## Work instructions
Check every line of the data below for the string "forall", and copy the ones that hold it.
════
Theorem lemma4p1 (S : Type) (R : seq S -> seq S -> Prop)
  (HR_nonempty : forall u v, R u v -> u <> [::] /\ v <> [::])
  (HR_nontriv : forall u, ~ R u u)
  (w : seq S) (Hw : w <> [::])
  (E' E'' : pic S * nat)
  (HE' : is_edge R w E') (HE'' : is_edge R w E'') :
  sq_equiv R w E' E'' <->
  ((exists T, maximal E'.1 T /\ T <> E'.2 /\
      edge_equiv w E'' (remove_tr E'.1 T, unbump T E'.2)) \/
   (exists T, maximal E''.1 T /\ T <> E''.2 /\
      edge_equiv w E' (remove_tr E''.1 T, unbump T E''.2))).
Proof.
split.
- case=> P [W1 [W2 [square [[side1 side2] | [side1 side2]]]]].
  + by left; apply: square_side_is_removal HE' square side1 side2.
  + by right; apply: square_side_is_removal HE'' square side1 side2.
- case=> [[T [maxT [neqT removal]]] | [T [maxT [neqT removal]]]].
  + exists E'.1, E'.2, T; split; first exact: removal_square.
    by left; split; first exact: edge_equiv_refl.
  + exists E''.1, E''.2, T; split; first exact: removal_square.
    by right; split; first exact: edge_equiv_refl.
Qed.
════
## Completed task
  (HR_nonempty : forall u v, R u v -> u <> [::] /\ v <> [::])
  (HR_nontriv : forall u, ~ R u u)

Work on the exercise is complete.